[RECORDS SUPPLIED — start]

Lemma measurable_coord (i : 'I_1) (j : 'I_k) :
  measurable_fun setT (fun c : vecR R k => c i j).
Proof.
apply: (measurability (@RGenOpens.G R)); first exact: RGenOpens.measurableE.
move=> _ [_ [a [b ->] <-]].
apply: sub_sigma_algebra; rewrite setTI.
by move/continuousP: (continuous_mxentry R i j); apply; exact: interval_open.
Qed.

Lemma measurable_set1_vec (v : vecR R k) : measurable [set v].
Proof.
rewrite -[X in measurable X]setCK; apply: measurableC; apply: sub_sigma_algebra.
apply: closed_openC; apply: accessible_closed_set1; apply: hausdorff_accessible.
exact: norm_hausdorff.
Qed.

Lemma measurable_onehots : measurable (@onehots R k).
Proof.
have -> : @onehots R k = \bigcup_(i in setT) [set e_ R i].
  by apply/seteqP; split => [x [i ->] | x [i _ ->]]; exists i.
apply: fin_bigcup_measurable => [|i _]; first exact: finite_finset.
exact: measurable_set1_vec.
Qed.

Lemma measurable_is_argmax (i : 'I_k) :
  measurable_fun setT (fun c : vecR R k => is_argmax c i).
Proof.
apply: measurable_and; apply: measurable_forall => j.
  exact: measurable_fun_ler (measurable_coord _ _) (measurable_coord _ _).
case: (j < i)%N => /=; last exact: measurable_cst.
exact: measurable_fun_ltr (measurable_coord _ _) (measurable_coord _ _).
Qed.

(* [onehot_argmax] and [onehot_mix] factor through the finite type of argmax
   patterns, whose fibres are Borel: this gives their measurability without
   any continuity. *)
Definition argmax_pattern (c : vecR R k) : {ffun 'I_k -> bool} :=
  [ffun i => is_argmax c i].

Lemma measurable_argmax_pattern_fiber b : measurable (argmax_pattern @^-1` [set b]).
Proof. exact: measurable_ffun_fiber measurable_is_argmax. Qed.

Definition row_of_pattern (b : {ffun 'I_k -> bool}) : vecR R k := \row_j (b j)%:R.

Lemma onehot_argmaxE : @onehot_argmax R k = row_of_pattern \o argmax_pattern.
Proof. by apply/funext => c; apply/matrixP => a j; rewrite !mxE ffunE. Qed.

Lemma measurable_onehot_argmax_preimage (Y : set (vecR R k)) :
  measurable (@onehot_argmax R k @^-1` Y).
Proof.
rewrite onehot_argmaxE.
exact: measurable_preimage_factor_fin measurable_argmax_pattern_fiber.
Qed.

Lemma measurable_onehot_argmax : measurable_fun setT (@onehot_argmax R k).
Proof. by move=> _ Y _; rewrite setTI; exact: measurable_onehot_argmax_preimage. Qed.

Definition onehot_mix (l : R) (z : vecR R k * vecR R k) : vecR R k :=
  l *: onehot_argmax z.1 + (1 - l) *: onehot_argmax z.2.

Lemma measurable_onehot_mix_preimage l (Y : set (vecR R k)) :
  measurable (onehot_mix l @^-1` Y).
Proof.
have -> : onehot_mix l =
    (fun b => l *: row_of_pattern b.1 + (1 - l) *: row_of_pattern b.2) \o
    (fun z => (argmax_pattern z.1, argmax_pattern z.2)).
  by apply/funext => z; rewrite /onehot_mix onehot_argmaxE.
apply: measurable_preimage_factor_fin => -[b1 b2].
have -> : (fun z : vecR R k * vecR R k => (argmax_pattern z.1, argmax_pattern z.2))
    @^-1` [set (b1, b2)] =
    argmax_pattern @^-1` [set b1] `*` argmax_pattern @^-1` [set b2].
  by apply/seteqP; split => [[x y] /= [<- <-] | [x y] /= [-> ->]].
by apply: measurableX; exact: measurable_argmax_pattern_fiber.
Qed.

Lemma measurable_onehot_mix l : measurable_fun setT (onehot_mix l).
Proof. by move=> _ Y _; rewrite setTI; exact: measurable_onehot_mix_preimage. Qed.

Lemma measurable_mx_norm_dist :
  measurable_fun setT (fun z : vecR R k * vecR R k => `|z.1 - z.2|).
Proof.
have -> : (fun z : vecR R k * vecR R k => `|z.1 - z.2|) = (fun z =>
    \big[Num.max/0]_(ij <- index_enum ('I_1 * 'I_k)%type)
      `|z.1 ij.1 ij.2 - z.2 ij.1 ij.2|).
  by apply/funext => z; rewrite [LHS]mx_normrE; apply: eq_bigr => ij _; rewrite !mxE.
apply: measurable_fun_bigmaxr => ij.
apply: measurableT_comp (@normr_measurable R setT) _.
by apply: measurable_funB; apply: measurableT_comp (measurable_coord _ _) _.
Qed.

End vector_measurability.

Section mx_norm_entries.
Context {R : realType} {m n : nat}.
Implicit Type x : 'M[R]_(m, n).

Lemma mx_norm_entry_le x (i : 'I_m) (j : 'I_n) : `|x i j| <= `|x|.
Proof.
rewrite [X in _ <= X]mx_normrE.
exact: (le_bigmax _ (fun ij : 'I_m * 'I_n => `|x ij.1 ij.2|) (i, j)).
Qed.

Lemma mx_norm_le x (a : R) : 0 <= a -> (forall i j, `|x i j| <= a) -> `|x| <= a.
Proof. by move=> a0 xa; rewrite [X in X <= _]mx_normrE; apply: bigmax_le => // ij _. Qed.

End mx_norm_entries.

Section argmax_geometry.
Context {R : realType} {k : nat}.
Implicit Types (c u v : vecR R k) (i j : 'I_k).

Lemma onehot_argmax_strict c i :
  (forall j, j != i -> c ord0 j < c ord0 i) -> onehot_argmax c = e_ R i.
Proof.
move=> ci; apply/matrixP => a j; rewrite !mxE.
suff -> : is_argmax c j = (i == j) by [].
have [<- | ij] := eqVneq i j.
  apply/andP; split; apply/forallP => l.
    by have [-> // | /ci/ltW] := eqVneq l i.
  by apply/implyP => li; apply: ci; rewrite neq_ltn li.
apply/negbTE; rewrite negb_and; apply/orP; left.
by apply/forallPn; exists i; rewrite -ltNge ci // eq_sym.
Qed.

Lemma onehot_argmax_e i : onehot_argmax (e_ R i) = e_ R i.
Proof.
apply: onehot_argmax_strict => j ji; rewrite !mxE eqxx eq_sym (negbTE ji).
exact: ltr01.
Qed.

Lemma onehot_argmax_mix (l : R) i j : 2^-1 < l ->
  onehot_argmax (l *: e_ R i + (1 - l) *: e_ R j) = e_ R i.
Proof.
move=> l_gt; apply: onehot_argmax_strict => h hi; rewrite !mxE eqxx eq_sym (negbTE hi).
by case: (j == h); case: (j == i); rewrite /= ?mulr1n ?mulr0n; lra.
Qed.
Section Meets.
Context {M : Semigroup}.

(** The meet index of two elements of [Rh(M^I)] is the largest index
    satisfying [meet_pred]; index [0] always does, both chains starting at [I]. *)
Lemma meet_index_max (s t : Rh M) :
  meet_pred (proj1_sig s) (proj1_sig t) (meet_index (proj1_sig s) (proj1_sig t)) /\
  forall r, meet_pred (proj1_sig s) (proj1_sig t) r ->
            r <= meet_index (proj1_sig s) (proj1_sig t).
Proof.
  unfold meet_index. apply epsilon_spec, (bounded_max _ (length (proj1_sig s))).
  - intros r [H _]; exact H.
  - exists 0. rewrite (proj1 (Rh_shape s)), (proj1 (Rh_shape t)).
    repeat split; simpl; try lia; apply eqL_refl.
Qed.

Lemma meet_pred_sym (s t : list (MI M)) (r : nat) : meet_pred s t r -> meet_pred t s r.
Proof.
  intros [H1 [H2 [H3 H4]]]. split; [exact H2|]. split; [exact H1|].
  split; [intros j Hj; symmetry; apply H3, Hj | apply eqL_sym, H4].
Qed.

Lemma schain_mono (l : list (MI M)) (i j : nat) :
  schain l -> i <= j -> j < length l -> leL (nth j l I_) (nth i l I_).
Proof.
  revert i j; induction l as [|x l IH]; intros i j Hs Hij Hj; [simpl in Hj; lia|].
  destruct j as [|j]; [replace i with 0 by lia; apply leL_refl|].
  destruct l as [|y l]; [simpl in Hj; lia|].
  assert (Hy : leL (nth j (y :: l) I_) y)
    by (apply (IH 0 j); [exact (proj2 Hs) | lia | simpl in *; lia]).
  destruct i as [|i].
  - exact (leL_trans Hy (proj1 (proj1 Hs))).
  - apply IH; [exact (proj2 Hs) | lia | simpl in *; lia].
Qed.

Lemma cons_lm_meet_pred (x : MI M) (l1 l2 : list (MI M)) (k : nat) :
  meet_pred l1 l2 k -> exists k', meet_pred (cons_lm x l1) (cons_lm x l2) k' /\
    nth k' (cons_lm x l1) I_ = nth k l1 I_.
Proof.
  intros [H1 [H2 [H3 H4]]].
  destruct l1 as [|h1 t1]; [simpl in H1; lia|]. destruct l2 as [|h2 t2]; [simpl in H2; lia|].
  assert (Eh : eqL h1 h2).
  { destruct k as [|k]; [exact H4|]. pose proof (H3 0 ltac:(lia)) as E0; simpl in E0.
    rewrite E0; apply eqL_refl. }
  cbn [cons_lm].
  rewrite (dec_iff (eqL x h2) (eqL x h1))
    by (split; intro E; eapply eqL_trans; eauto using eqL_sym).
  destruct (dec (eqL x h1)).
  - exists k; split; [exact (conj H1 (conj H2 (conj H3 H4))) | reflexivity].
  - exists (S k); split; [|reflexivity].
    split; [simpl in *; lia|]. split; [simpl in *; lia|]. split; [|exact H4].
    intros [|j] Hj; [reflexivity|]. simpl. apply H3; lia.
Qed.

Lemma lm_meet_pred (l1 l2 : list (MI M)) (R : nat) :
  meet_pred l1 l2 R -> exists R', meet_pred (lm l1) (lm l2) R' /\
    leL (nth R' (lm l1) I_) (nth R l1 I_).
Proof.
  revert l2 R; induction l1 as [|x r1 IH]; intros l2 R [H1 [H2 [H3 H4]]];
    [simpl in H1; lia|].
  destruct l2 as [|y r2]; [simpl in H2; lia|].
  destruct R as [|R].
  - destruct (lm_head x r1) as [a [ta [Ea Ha]]], (lm_head y r2) as [b [tb [Eb Hb]]].
    exists 0. rewrite Ea, Eb. split; [|apply Ha].
    split; [simpl; lia|]. split; [simpl; lia|]. split; [intros; lia|].
    eapply eqL_trans; [exact Ha | eapply eqL_trans; [exact H4 | apply eqL_sym, Hb]].
  - assert (Exy : x = y) by exact (H3 0 ltac:(lia)). subst y.
    destruct (IH r2 R) as [R0 [HP HL]].
    { split; [simpl in *; lia|]. split; [simpl in *; lia|].
      split; [intros j Hj; exact (H3 (S j) ltac:(lia)) | exact H4]. }
    rewrite !(lm_cons x). destruct (cons_lm_meet_pred x _ _ _ HP) as [k' [Hk Ek]].
    exists k'; split; [exact Hk|]. rewrite Ek. exact HL.
Qed.

Lemma nth_translate (u s : list (MI M)) (p : MI M) (j : nat) :
  j < length s -> nth (length u + j) (u ++ map (fun x => mulI x p) s) I_ = mulI (nth j s I_) p.
Proof.
  intro Hj. rewrite app_nth2_plus, (nth_indep _ I_ (mulI I_ p)) by (rewrite length_map; exact Hj).
  exact (map_nth (fun x => mulI x p) s I_ j).
Qed.

Lemma Rh_mul_list (s u : Rh M) (u' : list (MI M)) (p : MI M) :
  proj1_sig u = u' ++ [p] ->
  proj1_sig (Rh_mul s u) = lm (u' ++ map (fun x => mulI x p) (proj1_sig s)).
Proof.
  intro Eu. cbn [Rh_mul proj1_sig]. unfold Rh_prod_list. rewrite Eu, last_last.
  rewrite (proj1 (Rh_shape s)) at 2. simpl map. rewrite <- app_assoc. reflexivity.
Qed.
Lemma connected_poset_surjective {X Y : Poset} (h : X -> Y) :
  monotone X Y h -> Surjective h -> connected_poset X -> connected_poset Y.
Proof.
  intros h_mono h_surj [[x0] X_conn]; split; [exact (inhabits (h x0))|].
  intros y y'; destruct (h_surj y) as [x <-], (h_surj y') as [x' <-].
  apply same_comp_monotone; auto.
Qed.

Lemma poset_iso_finite {X Y : Poset} : poset_iso X Y -> finite_poset X -> finite_poset Y.
Proof. intros [f [_ f_surj]]; exact (Finite_surjective f f_surj). Qed.

Lemma poset_iso_connected {X Y : Poset} :
  poset_iso X Y -> connected_poset X -> connected_poset Y.
Proof.
  intros [f [f_emb f_surj]]; apply (connected_poset_surjective f); [|exact f_surj].
  intros x x'; apply f_emb.
Qed.

Lemma poset_iso_directly_irreducible {X Y : Poset} :
  poset_iso X Y -> directly_irreducible X -> directly_irreducible Y.
Proof.
  intros iso [X_nsing X_irr]; split.
  - intro Y_sing; exact (X_nsing (poset_iso_singleton iso Y_sing)).
  - intros S T iso'; exact (X_irr S T (poset_iso_trans iso iso')).
Qed.

Lemma connected_nonsingleton_lt {X : Poset} :
  connected_poset X -> ~ singleton_poset X -> exists x y : X, le x y /\ x <> y.
Proof.
  intros [[x0] X_conn] X_nsing; apply NNPP; intro no_lt; apply X_nsing.
  exists x0; intro y; induction (X_conn y x0) as [x x' xx'| | |].
  - apply NNPP; intro ne; apply no_lt; exists x, x'; split; assumption.
  - reflexivity.
  - symmetry; assumption.
  - congruence.
Qed.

[RECORDS SUPPLIED — finish]

• **ASSIGNMENT**
Among the lines above, which contain the word "symmetry"? Copy every one.

• **RESPONSE**
  split; [intros j Hj; symmetry; apply H3, Hj | apply eqL_sym, H4].
  - symmetry; assumption.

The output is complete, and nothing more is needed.